• **TASK INSTRUCTIONS**
What does the data read, word for word, from the line containing "Poisson((1 - theta)" through its final line? Give those lines only.
━━ SOURCE RECORDS ━━
(* The orbit point v1 found first lies in Q_irr, so the orbit also has points just
   right of v1; two orbit points less than 1 apart cannot share an index. *)
Lemma orbit_quadratic_approx_avoiding :
  exists d, 0 < d /\ forall T rho k, 0 < rho < d -> Rabs (T - x0) <= rho ->
    exists v, in_orbit1 F x0 v /\ ~ orbit_index F x0 k v /\
      Rabs (v - T) <= (4 * C + 3) * rho ^ 2.
Proof.
  pose proof HM as [HP [HCl [_ [HI _]]]].
  destruct orbit_quadratic_approx as [d [Hd HA]].
  exists (Rmin d (1 / 2)); split; [apply Rmin_pos; lra|].
  intros T rho k Hr HT.
  assert (Rmin d (1 / 2) <= d) by apply Rmin_l.
  assert (Rmin d (1 / 2) <= 1 / 2) by apply Rmin_r.
  assert (Hr0 : 0 < rho ^ 2) by (apply pow_lt; lra).
  assert (Hr1 : rho ^ 2 < 1 / 2) by (simpl; nra).
  destruct (HA T rho ltac:(lra) HT) as [v1 [Hv1 Hv1d]].
  destruct (classic (orbit_index F x0 k v1)) as [Hk|Hk].
  2:{ exists v1; repeat split; auto; nra. }
  assert (Hirr : Qirr Q v1) by (apply (in_orbit1_Qirr F HF Q x0); auto).
  destruct (Qirr_not_isolated_right Q v1 (rho ^ 2)) as [q [Hq Hqd]]; auto; [lra|].
  destruct (minimal_set_orbit_dense F HF Q x0 HM (proj1 H0) q Hq (q - v1))
    as [w [Hw Hwd]]; [lra|].
  apply Rabs_def2 in Hwd as [Hw1 Hw2].
  exists w; split; [auto | split].
  - intros Hkw; destruct (orbit_index_cong F HF x0 k w v1 Hkw Hk) as [z Hz].
    assert (0 < IZR z < 1) as [Hz0 Hz1] by lra.
    apply lt_IZR in Hz0; apply lt_IZR in Hz1; lia.
  - replace (w - T) with ((w - v1) + (v1 - T)) by ring.
    eapply Rle_trans; [apply Rabs_triang|].
    assert (Rabs (w - v1) <= 2 * rho ^ 2) by (apply Rabs_le; lra); nra.
Qed.

End Approximation.

Lemma denjoy_aperiodic F : denjoy F -> aperiodic F.
Proof.
  intros [HF [[a [Ha Hirr]] _]]; exact (irrational_rotation_aperiodic F HF a Ha Hirr).
Qed.

Lemma polar_offset_le x y rho t : 0 <= rho ->
  Rabs (x + rho * cos t - x) <= rho /\ Rabs (y + rho * sin t - y) <= rho.
Proof.
  intros Hr; replace (x + rho * cos t - x) with (rho * cos t) by ring.
  replace (y + rho * sin t - y) with (rho * sin t) by ring.
  rewrite !Rabs_mult, (Rabs_right rho) by lra.
  assert (Rabs (cos t) <= 1) by apply Rabs_le, COS_bound.
  assert (Rabs (sin t) <= 1) by apply Rabs_le, SIN_bound.
  split; nra.
Qed.
(* Let $\Lambda=(\lambda_1,\lambda_2)\in(0,\infty)^2$, $\phi\in[0,1)$ and $0\le\theta<\theta'\le 1$. Let $(X_1,X_2)\sim\mathcal{BZIP}^-(\Lambda,\theta,\phi)$ and $(X_1',X_2')\sim\mathcal{BZIP}^-(\Lambda,\theta',\phi)$. Then $(X_1',X_2')\prec_{PQD}(X_1,X_2)$, i.e. $H^-_{\Lambda,\phi,\theta'}(x_1,x_2)\le H^-_{\Lambda,\phi,\theta}(x_1,x_2)$ for all $(x_1,x_2)\in\mathbb{R}^2$, where $H^-_{\Lambda,\phi,\vartheta}$ is the joint distribution function of $\mathcal{BZIP}^-(\Lambda,\vartheta,\phi)$.
   Context: For $\mu>0$, $G_\mu$ denotes the distribution function of the Poisson distribution with mean $\mu$, and $G_\mu^{-1}(u)=\inf\{x\in\mathbb{N}:G_\mu(x)\ge u\}$ its quantile function (for $\mu=0$, $G_0^{-1}\equiv 0$). The model $\mathcal{BZIP}^{\pm}(\Lambda,\theta,\phi)$, with $\Lambda=(\lambda_1,\lambda_2)\in(0,\infty)^2$, $\theta\in[0,1]$, $\phi\in[0,1)$, is the law of $(X_1,X_2)=W\,(T_1,T_2)$, where: $W\sim$ Bernoulli$(1-\phi)$; $T_j=Y_j+Z_j$ for $j=1,2$; $Y_j\sim\mathcal{P}((1-\theta)\lambda_j)$; $U\sim\mathcal U(0,1)$; in $\mathcal{BZIP}^+$, $(Z_1,Z_2)=(G^{-1}_{\theta\lambda_1}(U),G^{-1}_{\theta\lambda_2}(U))$, and in $\mathcal{BZIP}^-$, $(Z_1,Z_2)=(G^{-1}_{\theta\lambda_1}(U),G^{-1}_{\theta\lambda_2}(1-U))$; $W$, $Y_1$, $Y_2$, $U$ are mutually independent. For random pairs with the same marginals, $(A_1,A_2)\prec_{PQD}(B_1,B_2)$ means $P(A_1\le x_1,A_2\le x_2)\le P(B_1\le x_1,B_2\le x_2)$ for all $x_1,x_2$. *)

From HB Require Import structures.
From mathcomp Require Import all_boot all_order all_algebra.
From mathcomp Require Import all_classical all_reals all_analysis.
Set Implicit Arguments. Unset Strict Implicit. Unset Printing Implicit Defensive.
Import Order.TTheory GRing.Theory Num.Theory.
Local Open Scope classical_set_scope.
Local Open Scope ring_scope.

(* Poisson probability mass function with mean mu >= 0 (0^0 = 1, so mu = 0
   gives the point mass at 0). *)
Definition poisson_pmf (R : realType) (mu : R) (k : nat) : R :=
  expR (- mu) * mu ^+ k / (k`!)%:R.

Definition poisson_cdf (R : realType) (mu : R) (x : nat) : R :=
  \sum_(k < x.+1) poisson_pmf mu k.

(* Quantile function G_mu^{-1}(u) = inf {x in N : G_mu(x) >= u};
   G_0^{-1} = 0.  When the set is empty (only possible for u >= 1, a null
   event for a uniform U) we return 0 by convention. *)
Definition poisson_quantile (R : realType) (mu u : R) : nat :=
  if mu == 0 then 0%N else
  match pselect (exists x : nat, u <= poisson_cdf mu x) with
  | left h => ex_minn h
  | right _ => 0%N
  end.

Definition BZIPm_inputs (R : realType) (d : measure_display) (T : measurableType d)
  (P : probability T R) (W Y1 Y2 U : T -> R) (lam1 lam2 theta phi : R) : Prop :=
  [/\ measurable_fun setT W, measurable_fun setT Y1, measurable_fun setT Y2,
      measurable_fun setT U &
  [/\
      P [set t | W t = 1] = (1 - phi)%:E /\ P [set t | W t = 0] = phi%:E,
      (forall k : nat, P [set t | Y1 t = k%:R] = (poisson_pmf ((1 - theta) * lam1) k)%:E),
      (forall k : nat, P [set t | Y2 t = k%:R] = (poisson_pmf ((1 - theta) * lam2) k)%:E),
      (forall r : R, 0 <= r <= 1 -> P [set t | U t <= r] = r%:E) &
      (forall A B C D : set R, measurable A -> measurable B -> measurable C ->
         measurable D ->
         P (W @^-1` A `&` Y1 @^-1` B `&` Y2 @^-1` C `&` U @^-1` D) =
         (P (W @^-1` A) * P (Y1 @^-1` B) * P (Y2 @^-1` C) * P (U @^-1` D))%E)]].

Definition BZIPm_X1 (R : realType) (T : Type) (W Y1 U : T -> R) (lam1 theta : R)
  (t : T) : R :=
  W t * (Y1 t + (poisson_quantile (theta * lam1) (U t))%:R).
Definition BZIPm_X2 (R : realType) (T : Type) (W Y2 U : T -> R) (lam2 theta : R)
  (t : T) : R :=
  W t * (Y2 t + (poisson_quantile (theta * lam2) (1 - U t))%:R).

Definition joint_cdf (R : realType) (d : measure_display) (T : measurableType d)
  (P : probability T R) (X1 X2 : T -> R) (x1 x2 : R) : \bar R :=
  P [set t | X1 t <= x1 /\ X2 t <= x2].

From Pilot Require Import Defs.
From HB Require Import structures.
From mathcomp Require Import all_boot all_order all_algebra.
From mathcomp Require Import all_classical all_reals all_analysis.
From mathcomp Require Import ring lra zify.
Import Order.TTheory GRing.Theory Num.Theory.
Local Open Scope classical_set_scope.
Local Open Scope ring_scope.
Set Implicit Arguments. Unset Strict Implicit. Unset Printing Implicit Defensive.
(* all_analysis has its own [poisson_pmf]; re-importing [Defs] makes the
   unqualified names refer to the definitions. *)
Import Defs.

(* For [x1, x2 >= 0] the joint distribution function of BZIP^-(Lambda, theta, phi)
   at [(x1, x2)] equals [phi + (1 - phi) H(floor x1, floor x2)], where [H] is the
   distribution function of [(Y1 + Z1, Y2 + Z2)], with [Y] independent
   Poisson((1 - theta) lambda_j) and [Z] the countermonotone pair with
   Poisson(theta lambda_j) marginals, whose distribution function is the lower
   Frechet bound [max(0, G1 + G2 - 1)].  Since Poisson laws convolve, passing
   from theta to theta' moves an independent Poisson((theta' - theta) lambda_j)
   summand [C_j] from [Y_j] to [Z_j].  Conditionally on [Y], this replaces the
   distribution function of [(Z1 + C1, Z2 + C2)] by the lower Frechet bound of
   the same marginals, which is smaller. *)

Section poisson.
Variable R : realType.
Implicit Types (mu x y c e : R) (h g : nat -> R).

Lemma poisson_pmf_ge0 mu k : 0 <= mu -> 0 <= poisson_pmf mu k.
Proof. by move=> mu0; rewrite divr_ge0 ?mulr_ge0 ?expR_ge0 ?exprn_ge0. Qed.

Lemma poisson_cdf_ge0 mu n : 0 <= mu -> 0 <= poisson_cdf mu n.
Proof. by move=> mu0; apply: sumr_ge0 => k _; exact: poisson_pmf_ge0. Qed.

Lemma poisson_cdf_series mu n :
  poisson_cdf mu n = expR (- mu) * series (exp_coeff mu) n.+1.
Proof.
rewrite /poisson_cdf /series /= big_mkord mulr_sumr; apply: eq_bigr => k _.
by rewrite /poisson_pmf /exp_coeff /= mulrA.
Qed.

Lemma poisson_cdf0 n : poisson_cdf (0 : R) n = 1.
Proof.
rewrite /poisson_cdf big_ord_recl big1 => [|k _]; last first.
  by rewrite /poisson_pmf expr0n /= mulr0 mul0r.
by rewrite /poisson_pmf oppr0 expR0 expr0 mul1r divr1 addr0.
Qed.

Lemma nondecreasing_exp_series mu : 0 <= mu ->
  {homo series (exp_coeff mu) : m n / (m <= n)%N >-> m <= n}.
Proof.
move=> mu0 m n mn; rewrite /series /= (big_cat_nat (leq0n m) mn) /= lerDl.
by apply: sumr_ge0 => k _; exact: exp_coeff_ge0.
Qed.

Lemma poisson_cdf_le mu m n : 0 <= mu -> (m <= n)%N ->
  poisson_cdf mu m <= poisson_cdf mu n.
Proof.
move=> mu0 mn; rewrite !poisson_cdf_series ler_wpM2l ?expR_ge0 //.
exact: nondecreasing_exp_series.
Qed.

Lemma poisson_cdf_le1 mu n : 0 <= mu -> poisson_cdf mu n <= 1.
Proof.
move=> mu0; rewrite poisson_cdf_series -(expRxMexpNx_1 mu) mulrC.
rewrite ler_wpM2r ?expR_ge0 //.
exact: nondecreasing_cvgn_le (nondecreasing_exp_series mu0)
  (is_cvg_series_exp_coeff mu) n.+1.
Qed.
━━━
• **COMPLETED EXERCISE**
   Poisson((1 - theta) lambda_j) and [Z] the countermonotone pair with
   Poisson(theta lambda_j) marginals, whose distribution function is the lower
   Frechet bound [max(0, G1 + G2 - 1)].  Since Poisson laws convolve, passing
   from theta to theta' moves an independent Poisson((theta' - theta) lambda_j)
   summand [C_j] from [Y_j] to [Z_j].  Conditionally on [Y], this replaces the
   distribution function of [(Z1 + C1, Z2 + C2)] by the lower Frechet bound of
   the same marginals, which is smaller. *)

Section poisson.
Variable R : realType.
Implicit Types (mu x y c e : R) (h g : nat -> R).

Lemma poisson_pmf_ge0 mu k : 0 <= mu -> 0 <= poisson_pmf mu k.
Proof. by move=> mu0; rewrite divr_ge0 ?mulr_ge0 ?expR_ge0 ?exprn_ge0. Qed.

Lemma poisson_cdf_ge0 mu n : 0 <= mu -> 0 <= poisson_cdf mu n.
Proof. by move=> mu0; apply: sumr_ge0 => k _; exact: poisson_pmf_ge0. Qed.

Lemma poisson_cdf_series mu n :
  poisson_cdf mu n = expR (- mu) * series (exp_coeff mu) n.+1.
Proof.
rewrite /poisson_cdf /series /= big_mkord mulr_sumr; apply: eq_bigr => k _.
by rewrite /poisson_pmf /exp_coeff /= mulrA.
Qed.

Lemma poisson_cdf0 n : poisson_cdf (0 : R) n = 1.
Proof.
rewrite /poisson_cdf big_ord_recl big1 => [|k _]; last first.
  by rewrite /poisson_pmf expr0n /= mulr0 mul0r.
by rewrite /poisson_pmf oppr0 expR0 expr0 mul1r divr1 addr0.
Qed.

Lemma nondecreasing_exp_series mu : 0 <= mu ->
  {homo series (exp_coeff mu) : m n / (m <= n)%N >-> m <= n}.
Proof.
move=> mu0 m n mn; rewrite /series /= (big_cat_nat (leq0n m) mn) /= lerDl.
by apply: sumr_ge0 => k _; exact: exp_coeff_ge0.
Qed.

Lemma poisson_cdf_le mu m n : 0 <= mu -> (m <= n)%N ->
  poisson_cdf mu m <= poisson_cdf mu n.
Proof.
move=> mu0 mn; rewrite !poisson_cdf_series ler_wpM2l ?expR_ge0 //.
exact: nondecreasing_exp_series.
Qed.

Lemma poisson_cdf_le1 mu n : 0 <= mu -> poisson_cdf mu n <= 1.
Proof.
move=> mu0; rewrite poisson_cdf_series -(expRxMexpNx_1 mu) mulrC.
rewrite ler_wpM2r ?expR_ge0 //.
exact: nondecreasing_cvgn_le (nondecreasing_exp_series mu0)
  (is_cvg_series_exp_coeff mu) n.+1.
Qed.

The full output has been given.